Painting by Joseph-Marie Vien

Two Women Bathing is an oil painting by French artist Joseph-Marie Vien, from c. 1763. A copy of it is held in the Musée de Cahors Henri-Martin, in Cahors. The original was commissioned by Louis Philippe I, Duke of Orléans and first exhibited at the Salon of 1763. Several versions are mentioned in various collections and institutions.

==Description and analysis==
The painting, in the neoclassical style, depicts two nude women either entering or exiting a bath. The architecture of the setting is inspired by antiquity. A soft light illuminates primarily the main subject, a woman leaning against the balustrade, half-naked and partially covered by a white drape. Another woman, also present in the scene, presumably her servant, is also depicted half-naked and draped in red, kneeling at her mistress feet and holding her foot. The scene also includes a blue bottle and a blue sheet, adding another touch of color to the overall composition.

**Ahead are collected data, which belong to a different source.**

Lemma mutual_indep_extfam (F : 'I_k -> set S) (A : set S) :
  (forall i, measurable (F i)) -> measurable A ->
  let B := \bigcap_(i in [set: 'I_k]) X i @^-1` F i in
  P (B `&` X0 @^-1` A) = (P B * P (X0 @^-1` A))%E.
Proof.
move=> mF mA B; have mFA (A' : set S) : measurable A' ->
    forall o, measurable (if o is Some i then F i else A') by move=> mA' [].
have := X_indep (mFA A mA); have := X_indep (mFA setT measurableT).
rewrite !bigcap_extfam !big_option /= preimage_setT setIT probability_setT mul1e.
by move=> <- ->; rewrite muleC.
Qed.

End mutual_indep_extfam.

Section union_balls.
Context (R : realType) (dO dS : measure_display).
Context (O : measurableType dO) (S : measurableType dS) (d : S -> S -> R).
Hypothesis d_metric : is_metric d.
Hypothesis d_borel : (@measurable _ S) = <<s d_open d >>.
Hypothesis d_sep : d_separable d.
Variables (P : probability O R) (p : probability S R) (eps : R) (k : nat).
Variables (X0 : O -> S) (X : 'I_k -> O -> S).
Hypothesis X0_measurable : measurable_fun setT X0.
Hypothesis X_measurable : forall i, measurable_fun setT (X i).
Hypothesis X_indep : mutual_indep P (extfam X0 X).
Hypothesis X0_law : forall A, measurable A -> P (X0 @^-1` A) = p A.

Let U w := \bigcup_(i in [set: 'I_k]) dball d (X i w) eps.

Let U_measurable w : measurable (U w).
Proof.
by apply: fin_bigcup_measurable => [|i _]; [exact: finite_finset|exact: dball_measurable].
Qed.

Let G : set (set O) := [set B | exists2 F : 'I_k -> set S,
  forall i, measurable (F i) & B = \bigcap_(i in [set: 'I_k]) X i @^-1` F i].

Let G_measurable : G `<=` measurable.
Proof.
move=> _ [F mF ->]; apply: fin_bigcap_measurable => [|i _]; first exact: finite_finset.
by rewrite -[X in measurable X]setTI; exact: X_measurable.
Qed.

Let G_setI : setI_closed G.
Proof.
move=> _ _ [F1 mF1 ->] [F2 mF2 ->]; exists (fun i => F1 i `&` F2 i).
  by move=> i; exact: measurableI.
by rewrite -bigcapI; apply: eq_bigcapr => i _; rewrite preimage_setI.
Qed.

Let G_setT : G setT.
Proof. by exists (fun=> setT) => //; apply/seteqP; split. Qed.

Let G_ball i c r : G (X i @^-1` dball d c r).
Proof.
exists (fun j => if j == i then dball d c r else setT).
  by move=> j; case: ifP => _ //; exact: dball_measurable.
apply/seteqP; split => [w Xiw j _|w /(_ i I)]; last by rewrite eqxx.
by case: ifP => // /eqP ->.
Qed.

Let X0_indep B A : G B -> measurable A -> P (B `&` X0 @^-1` A) = (P B * p A)%E.
Proof. by move=> [F mF ->] mA; rewrite mutual_indep_extfam // X0_law. Qed.

Let near_pairs : set (O * S) :=
  \bigcup_(i in [set: 'I_k]) [set z | d (X i z.1) z.2 < eps].

Let near_pairs_sigma : <<s rectangles S G >> near_pairs.
Proof.
have [g g_dense] := separable_dense_seq d_sep.
suff : measurable (near_pairs : set (g_sigma_algebraType (rectangles S G))) by [].
apply: fin_bigcup_measurable => [|i _]; first exact: finite_finset.
exact: (dist_lt_sigma_rectangles d_metric d_borel g_dense (G_ball i)).
Qed.

Let xsection_near_pairs w : xsection near_pairs w = U w.
Proof. by apply/seteqP; split => x; rewrite /xsection /= in_setE. Qed.

Let measurable_measure_union_balls : measurable_fun setT (fun w => p (U w)).
Proof.
have := measurable_fun_xsection p
  (sigma_rectangles_measurable G_measurable near_pairs_sigma).
by congr measurable_fun; apply/funext => w /=; rewrite xsection_near_pairs.
Qed.

Lemma integral_measure_union_balls :
  (\int[P]_w p (U w) = P [set w | exists i, dball d (X i w) eps (X0 w)])%E.
Proof.
have -> : [set w | exists i, dball d (X i w) eps (X0 w)] = [set w | near_pairs (w, X0 w)].
  by apply/seteqP; split => w [i]; exists i.
rewrite (graph_law_product X0_measurable G_measurable G_setI G_setT X0_indep
  near_pairs_sigma).
by apply: eq_integral => w _; rewrite /= xsection_near_pairs.
Qed.

Lemma integrable_measure_union_balls : P.-integrable setT (fun w => p (U w)).
Proof.
apply/integrableP; split; first exact: measurable_measure_union_balls.
have int1_lty : (\int[P]_w (cst 1 w) < +oo)%E.
  by rewrite integral_cst // mul1e; exact: fin_num_fun_lty.
apply: le_lt_trans int1_lty; apply: ge0_le_integral => //.
  exact: measurableT_comp measurable_measure_union_balls.
by move=> w _; rewrite gee0_abs ?measure_ge0 ?probability_le1.
Qed.

End union_balls.

Unset Implicit Arguments.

The composition is rectilinear and rigorous, with understated curves. The fluted columns and the metal vase in the background balance the curves of the balustrade, the basin, and the young woman's swaying hips. According to the work's former title, Callisto, Nymph of Diana, Emerging from the Bath, Accompanied by Her Attendant, it can be seen as an illustration of the mythological story of Callisto, who, seduced by Jupiter and pregnant by him, was transformed into a bear by a furious Diana.

==Reception==
The work was well received. Philosopher Denis Diderot wrote about it during its exhibition at the Salon of 1763: "The paintings that Vien exhibited this year are all of the same kind, and since they almost all have the same merit, there is only one praise to be given: the elegance of the forms, the grace, the ingenuity, the innocence, the delicacy, the simplicity, and all this combined with the purity of the drawing, the beautiful color, the softness and the truth of the flesh."